** Opening Data to examine block **

Lemma Forall_flat_map_oper_terms B o (P Q : term -> Prop) TL :
  (forall t, P t -> List.Forall Q (oper_terms B o t)) -> List.Forall P TL ->
  List.Forall Q (flat_map (oper_terms B o) TL).
Proof. intros H HP. induction HP; simpl; auto. apply Forall_app; auto. Qed.

Lemma word_terms_ok B w TL : word_ok w -> List.Forall term_ok TL -> List.Forall term_ok (word_terms B w TL).
Proof.
  induction w; simpl; auto. intros Hw HT; inversion Hw; subst.
  apply (Forall_flat_map_oper_terms B a term_ok); auto. intros; apply oper_terms_ok; auto.
Qed.

Lemma word_terms_app B w X Z : word_terms B w (X ++ Z) = word_terms B w X ++ word_terms B w Z.
Proof. induction w; simpl; auto. rewrite IHw, flat_map_app; auto. Qed.

Lemma oper_terms_fun U A B f o TL : is_open U -> regular U f -> oper_axis o -> List.Forall term_ok TL ->
  eq_on U (oper_fun o (terms_fun A B f TL)) (terms_fun A B f (flat_map (oper_terms B o) TL)).
Proof.
  intros HU Hf Ho HT y Hy. rewrite Forall_forall in HT. unfold terms_fun at 1.
  rewrite (oper_fun_sumR U o (fun t => term_fun A B f t)); auto.
  2:{ intros t Ht. apply regular_has_partials, regular_term_fun; auto. }
  unfold terms_fun. rewrite sumR_flat_map. apply sumR_ext. intros t Ht.
  apply (oper_term_fun U); auto.
Qed.

Lemma word_terms_fun U A B f w TL : is_open U -> regular U f -> word_ok w -> List.Forall term_ok TL ->
  eq_on U (word_fun w (terms_fun A B f TL)) (terms_fun A B f (word_terms B w TL)).
Proof.
  intros HU Hf. induction w; simpl; intros Hw HT y Hy; auto. inversion Hw; subst.
  rewrite (eq_on_oper_fun U a _ _ HU (IHw H2 HT) y Hy).
  apply (oper_terms_fun U); auto. apply word_terms_ok; auto.
Qed.

(** * Commutation relations *)

Definition pdbar_terms (i : nat) (w : list oper) : list term :=
  flat_map (fun j => map (fun l => (levi i j l, Y j, OpD l :: w)) idx3) idx3.

Lemma pdbar_terms_ok i w : word_ok w -> List.Forall term_ok (pdbar_terms i w).
Proof.
  intros Hw. apply Forall_forall; intros t Ht.
  apply in_flat_map in Ht as [j [Hj Ht]]; apply in_map_iff in Ht as [l [<- Hl]].
  split; [|constructor]; auto; apply axis_idx3; auto.
Qed.

Lemma word_fun_OpB A B f i w y : word_fun (OpB i :: w) f y = terms_fun A B f (pdbar_terms i w) y.
Proof. unfold terms_fun, pdbar_terms, term_fun, idx3; simpl. unfold pdbar, sumR, idx3; simpl. ring. Qed.

Lemma pd_pdbar_word U f w j b y : is_open U -> regular U f -> word_ok w -> U y -> axis b ->
  pd b (word_fun (OpB j :: w) f) y = sumR (fun c => sumR (fun d => levi j c d *
     ((if Nat.eqb c b then 1 else 0) * word_fun (OpD d :: w) f y
      + coord y c * word_fun (OpD b :: OpD d :: w) f y)) idx3) idx3.
Proof.
  intros HU Hf Hw Hy Hb.
  rewrite (pd_local U _ (terms_fun 0 0 f (pdbar_terms j w)) b y HU); auto.
  2:{ intros z Hz; apply word_fun_OpB. }
  change (pd b (terms_fun 0 0 f (pdbar_terms j w)) y)
    with (oper_fun (OpD b) (terms_fun 0 0 f (pdbar_terms j w)) y).
  rewrite (oper_terms_fun U 0 0 f (OpD b) _ HU Hf Hb (pdbar_terms_ok j w Hw) y Hy).
  unfold pdbar_terms, terms_fun, term_fun, idx3; simpl. unfold sumR; simpl.
  destruct (axis_cases b Hb) as [?|[?|?]]; subst; simpl; ring.
Qed.

Lemma pdbar_pd_commute U f w i k y : is_open U -> regular U f -> word_ok w -> U y ->
  axis i -> axis k ->
  word_fun (OpB i :: OpD k :: w) f y =
  word_fun (OpD k :: OpB i :: w) f y - sumR (fun l => levi i k l * word_fun (OpD l :: w) f y) idx3.
Proof.
  intros HU Hf Hw Hy Hi Hk.
  pose proof (fun a b Ha Hb => word_pd_comm U f w a b y HU Hf Hw Hy Ha Hb) as S.
  change (word_fun (OpD k :: OpB i :: w) f y) with (pd k (word_fun (OpB i :: w) f) y).
  rewrite (pd_pdbar_word U f w i k y); auto.
  change (word_fun (OpB i :: OpD k :: w) f y) with (pdbar i (pd k (word_fun w f)) y).
  unfold pdbar, sumR, idx3; simpl.
  pose proof (S 2%nat 1%nat axis2 axis1) as S21; pose proof (S 3%nat 1%nat axis3 axis1) as S31;
  pose proof (S 3%nat 2%nat axis3 axis2) as S32. simpl in S21, S31, S32.
  destruct (axis_cases i Hi) as [?|[?|?]]; destruct (axis_cases k Hk) as [?|[?|?]]; subst; simpl;
  rewrite ?S21, ?S31, ?S32; ring.
Qed.

Lemma levi_sum_pdbar f w m k y : axis m -> axis k ->
  sumR (fun n => levi n m k * word_fun (OpB n :: w) f y) idx3 =
  coord y m * word_fun (OpD k :: w) f y - coord y k * word_fun (OpD m :: w) f y.
Proof.
  intros Hm Hk. simpl. unfold pdbar, sumR, idx3; simpl.
  destruct (axis_cases m Hm) as [?|[?|?]]; destruct (axis_cases k Hk) as [?|[?|?]]; subst; simpl; ring.
Qed.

** Closing Data to examine block **

◆ **Assignment**:
Lines from the one containing "axis i -> axis k ->" through the last line of the data above are the only output wanted; restate them exactly.

◆ **Solution to the problem**:
  axis i -> axis k ->
  word_fun (OpB i :: OpD k :: w) f y =
  word_fun (OpD k :: OpB i :: w) f y - sumR (fun l => levi i k l * word_fun (OpD l :: w) f y) idx3.
Proof.
  intros HU Hf Hw Hy Hi Hk.
  pose proof (fun a b Ha Hb => word_pd_comm U f w a b y HU Hf Hw Hy Ha Hb) as S.
  change (word_fun (OpD k :: OpB i :: w) f y) with (pd k (word_fun (OpB i :: w) f) y).
  rewrite (pd_pdbar_word U f w i k y); auto.
  change (word_fun (OpB i :: OpD k :: w) f y) with (pdbar i (pd k (word_fun w f)) y).
  unfold pdbar, sumR, idx3; simpl.
  pose proof (S 2%nat 1%nat axis2 axis1) as S21; pose proof (S 3%nat 1%nat axis3 axis1) as S31;
  pose proof (S 3%nat 2%nat axis3 axis2) as S32. simpl in S21, S31, S32.
  destruct (axis_cases i Hi) as [?|[?|?]]; destruct (axis_cases k Hk) as [?|[?|?]]; subst; simpl;
  rewrite ?S21, ?S31, ?S32; ring.
Qed.

Lemma levi_sum_pdbar f w m k y : axis m -> axis k ->
  sumR (fun n => levi n m k * word_fun (OpB n :: w) f y) idx3 =
  coord y m * word_fun (OpD k :: w) f y - coord y k * word_fun (OpD m :: w) f y.
Proof.
  intros Hm Hk. simpl. unfold pdbar, sumR, idx3; simpl.
  destruct (axis_cases m Hm) as [?|[?|?]]; destruct (axis_cases k Hk) as [?|[?|?]]; subst; simpl; ring.
Qed.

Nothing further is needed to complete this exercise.